▸ Exercise brief
In the listing that follows, locate the line containing "((restrict (Tform K)" and the line containing "have [->|->] : j". Retype exactly those two lines and every line between them, and nothing more.

▸ Supplied data
# # # #
Lemma maps_curve_inv g (F1 F2 : form3 K) : maps_curve g F1 F2 -> maps_curve (invmx g) F2 F1.
Proof.
move=> [gu [c [c0 hc]]]; split; first by rewrite unitmx_inv.
exists c^-1; split; first by rewrite invr_eq0.
by rewrite invmxK -(scalerK c0 F2) -hc fsubstZ fsubst_mulmx mulVmx // fsubst1.
Qed.

Lemma maps_curve_mulmx a b (F1 F2 F3 : form3 K) :
  maps_curve a F1 F2 -> maps_curve b F2 F3 -> maps_curve (b *m a) F1 F3.
Proof.
move=> [au [c [c0 hc]]] [bu [d [d0 hd]]]; split; first by rewrite unitmx_mul bu au.
exists (c * d); split; first by rewrite mulf_neq0.
by rewrite invmxM // -fsubst_mulmx hc fsubstZ hd scalerA.
Qed.

Lemma maps_curve_scale d c g (F1 F2 : form3 K) : homogeneous d F1 -> c != 0 ->
  maps_curve g F1 F2 -> maps_curve (c *: g) F1 F2.
Proof.
move=> hF c0 [gu [k [k0 hk]]]; split; first by rewrite unitmxZ ?unitfE.
exists (c^-1 ^+ d * k); split; first by rewrite mulf_neq0 // expf_neq0 // invr_eq0.
rewrite invmxZ ?unitmxZ ?unitfE // -mul_scalar_mx.
by rewrite -fsubst_mulmx (fsubst_scalar _ hF) fsubstZ hk scalerA.
Qed.

End Substitution.

Lemma sqrrD_pchar2 (R : comNzRingType) (x y : R) :
  (2 \in [pchar R])%N -> (x + y) ^+ 2 = x ^+ 2 + y ^+ 2.
Proof. by move=> ch2; rewrite sqrrD mulr2n addrr_pchar2 // addr0. Qed.

Definition j0 : 'I_2 := @Ordinal 2 0 isT.
Definition j1 : 'I_2 := @Ordinal 2 1 isT.

Section Restriction.
Variable K : fieldType.
Implicit Types (F : form3 K) (A B D P : 'cV[K]_3).

Definition lin2 A B (i : 'I_3) : {mpoly K[2]} := A i 0 *: 'X_j0 + B i 0 *: 'X_j1.

Lemma restrictE F A B : restrict F A B = F \mPo [tuple lin2 A B i | i < 3].
Proof. by []. Qed.

Lemma restrict_fsubst F g A B : restrict (fsubst F g) A B = restrict F (g *m A) (g *m B).
Proof.
rewrite !restrictE /fsubst comp_mpolyA; congr comp_mpoly; apply: eq_from_tnth => i.
rewrite !tnth_map !tnth_ord_tuple /row_form raddf_sum /= /lin2 !mxE.
under eq_bigr => j _ do
  rewrite comp_mpolyZ comp_mpolyXU -tnth_nth tnth_map tnth_ord_tuple scalerDr !scalerA.
by rewrite big_split /= -!scaler_suml.
Qed.

Lemma restrict_Tform A B :
  restrict (Tform K) A B = lin2 A B i0 * lin2 A B i1 * lin2 A B i2 *
                           (lin2 A B i0 + lin2 A B i1 + lin2 A B i2).
Proof.
rewrite restrictE /Tform /vx /vy /vz !rmorphM !rmorphD /= !comp_mpolyXU.
by rewrite -!tnth_nth !tnth_map !tnth_ord_tuple.
Qed.

Lemma mderivXU (i j : 'I_2) : ('X_i : {mpoly K[2]})^`M(j) = (i == j)%:R.
Proof.
rewrite mderivX mnm1E; case: eqP => [->|_]; last by rewrite scale0r.
have -> : (U_(j) - U_(j) = 0)%MM by apply/mnmP => k; rewrite !mnmE subnn.
by rewrite scale1r mpolyX0.
Qed.

Definition Tform_deriv D P : K :=
  D i0 0 * P i1 0 * P i2 0 * (P i0 0 + P i1 0 + P i2 0)
  + D i1 0 * P i0 0 * P i2 0 * (P i0 0 + P i1 0 + P i2 0)
  + D i2 0 * P i0 0 * P i1 0 * (P i0 0 + P i1 0 + P i2 0)
  + (D i0 0 + D i1 0 + D i2 0) * P i0 0 * P i1 0 * P i2 0.

Lemma restrict_Tform_deriv A B j (v : 'I_2 -> K) :
  ((restrict (Tform K) A B)^`M(j)).@[v] =
  Tform_deriv (if j == j0 then A else B) (v j0 *: A + v j1 *: B).
Proof.
rewrite restrict_Tform !mderivM !mderivD /lin2 !mderivZ !mderivXU.
have [->|->] : j = j0 \/ j = j1 by case: j => [[|[|//]] ?]; [left|right]; apply/val_inj.
all: rewrite /Tform_deriv /= !mxE !(mevalD, mevalM, mevalZ, mevalXU, meval1, meval0); ring.
Qed.

End Restriction.

Section Bitangents.
Variable K : fieldType.
Hypothesis ch2 : (2 \in [pchar K])%N.
Implicit Types (F H : form3 K) (l : 'rV[K]_3).

Lemma pchar_mpoly n : (2 \in [pchar {mpoly K[n]}])%N.
Proof. exact: (rmorph_pchar (@mpolyC n K)). Qed.

Lemma mderiv_sqr n (G : {mpoly K[n]}) j : (G ^+ 2)^`M(j) = 0.
Proof. by rewrite expr2 mderivM mulrC addrr_pchar2 // pchar_mpoly. Qed.

Lemma bitangent_add_sqr F H l : bitangent (F + H ^+ 2) l <-> bitangent F l.
Proof.
have sqr_shift (X Y : {mpoly K[2]}) :
    (exists G, X = G ^+ 2) -> exists G, X + Y ^+ 2 = G ^+ 2.
  by case=> G ->; exists (G + Y); rewrite sqrrD_pchar2 // pchar_mpoly.
split=> -[l0 [P0 [P1 [e0 e1 rk sq]]]]; split=> //; exists P0, P1; split=> //;
  move: sq; rewrite !restrictE rmorphD rmorphXn -!restrictE; last exact: sqr_shift.
move/(sqr_shift _ (restrict H P0 P1)).
by rewrite -addrA addrr_pchar2 ?addr0 // pchar_mpoly.
Qed.

Lemma bitangent_CQ Q l : bitangent (CQ Q) l <-> bitangent (Tform K) l.
Proof. by rewrite /CQ oppr_pchar2 ?pchar_mpoly // addrC bitangent_add_sqr. Qed.

Hypothesis sqrtK : forall x : K, exists r, r ^+ 2 = x.

Lemma bitangent_maps_curve h F1 F2 l :
  maps_curve h F1 F2 -> bitangent F1 l -> bitangent F2 (l *m invmx h).
Proof.
move=> [hu [c [c0 hc]]] [l0 [P0 [P1 [e0 e1 rk [G hG]]]]]; split.
  by apply: contra l0 => /eqP l_h0; rewrite -[l](mulmxKV hu) l_h0 mul0mx.
exists (h *m P0), (h *m P1); split; rewrite ?mulmxA ?mulmxKV //.
  rewrite -mul_mx_row -mxrank_tr trmx_mul mxrankMfree ?mxrank_tr //.
  by rewrite row_free_unit unitmx_tr.
have [r hr] := sqrtK c^-1; exists (r *: G).
have -> : F2 = c^-1 *: fsubst F1 (invmx h) by rewrite hc scalerK.
rewrite restrictE comp_mpolyZ -restrictE restrict_fsubst !mulmxA mulVmx // !mul1mx.
by rewrite hG exprZn hr.
Qed.

End Bitangents.

Lemma mx_neq0P (R : nmodType) m n (M : 'M[R]_(m, n)) : M != 0 -> exists i j, M i j != 0.
Proof.
move=> M0; suff /existsP [i /existsP [j Mij]] : [exists i, exists j, M i j != 0].
  by exists i, j.
apply: contraNT M0 => /existsPn M0; apply/eqP/matrixP => i j.
by move/existsPn/(_ j)/negbNE/eqP: (M0 i); rewrite mxE.
Qed.

Section CrossProduct.
Variable K : fieldType.
Implicit Types (A B : 'cV[K]_3) (l : 'rV[K]_3).

Definition minor2 A B (i j : 'I_3) : K := A i 0 * B j 0 - A j 0 * B i 0.

Definition cross A B : 'rV[K]_3 :=
  \row_k (if k == i0 then minor2 A B i1 i2
          else if k == i1 then minor2 A B i2 i0 else minor2 A B i0 i1).

Lemma cross_mulmx A B : cross A B *m A = 0 /\ cross A B *m B = 0.
Proof.
by split; apply/rowP => k; rewrite ord1 !mxE big_ord3 !mxE /= /minor2; ring.
Qed.

Lemma det_mx2 (M : 'M[K]_2) : \det M = M 0 0 * M 1 1 - M 0 1 * M 1 0.
Proof.
rewrite (expand_det_row _ 0) !big_ord_recl big_ord0 addr0 /cofactor !det_mx11 !mxE /=.
rewrite expr0 expr1 mul1r mulN1r mulrN.
by congr (M _ _ * M _ _ - M _ _ * M _ _); apply/val_inj.
Qed.

Lemma row_mx_colE A B r (c : 'I_2) : row_mx A B r c = if c == 0 then A r 0 else B r 0.
Proof.
rewrite mxE; case: splitP => j; rewrite [j]ord1; case: c => [[|[|//]] ?] //=.
Qed.

Lemma minor2_neq0_rank A B i j : minor2 A B i j != 0 -> \rank (row_mx A B) = 2.
Proof.
move=> d0; pose f (r : 'I_2) := if r == 0 then i else j.
have sub_rank : (\rank (rowsub f (row_mx A B)) <= \rank (row_mx A B))%N.
  by rewrite rowsubE mxrankM_maxr.
have sub_unit : rowsub f (row_mx A B) \in unitmx.
  by rewrite unitmxE unitfE det_mx2 ![rowsub _ _ _ _]mxE !row_mx_colE /f /= [B i 0 * _]mulrC.
rewrite (mxrank_unit sub_unit) in sub_rank.
by apply/eqP; rewrite eqn_leq rank_leq_col.
Qed.

Lemma cross_eq0_minor2 A B : cross A B = 0 -> forall i j, minor2 A B i j = 0.
Proof.
move=> /rowP n0 i j.
have [m12 m20 m01] : [/\ minor2 A B i1 i2 = 0, minor2 A B i2 i0 = 0 & minor2 A B i0 i1 = 0].
  by split; [move: (n0 i0) | move: (n0 i1) | move: (n0 i2)]; rewrite !mxE.
have minor2C k r : minor2 A B r k = - minor2 A B k r by rewrite /minor2; ring.
have minor2ii k : minor2 A B k k = 0 by rewrite /minor2 subrr.
case: (ord3P i) => ->; case: (ord3P j) => ->; rewrite ?minor2ii ?m12 ?m20 ?m01 //.
all: by rewrite minor2C ?m12 ?m20 ?m01 oppr0.
Qed.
# # # #
▸ Written solution
  ((restrict (Tform K) A B)^`M(j)).@[v] =
  Tform_deriv (if j == j0 then A else B) (v j0 *: A + v j1 *: B).
Proof.
rewrite restrict_Tform !mderivM !mderivD /lin2 !mderivZ !mderivXU.
have [->|->] : j = j0 \/ j = j1 by case: j => [[|[|//]] ?]; [left|right]; apply/val_inj.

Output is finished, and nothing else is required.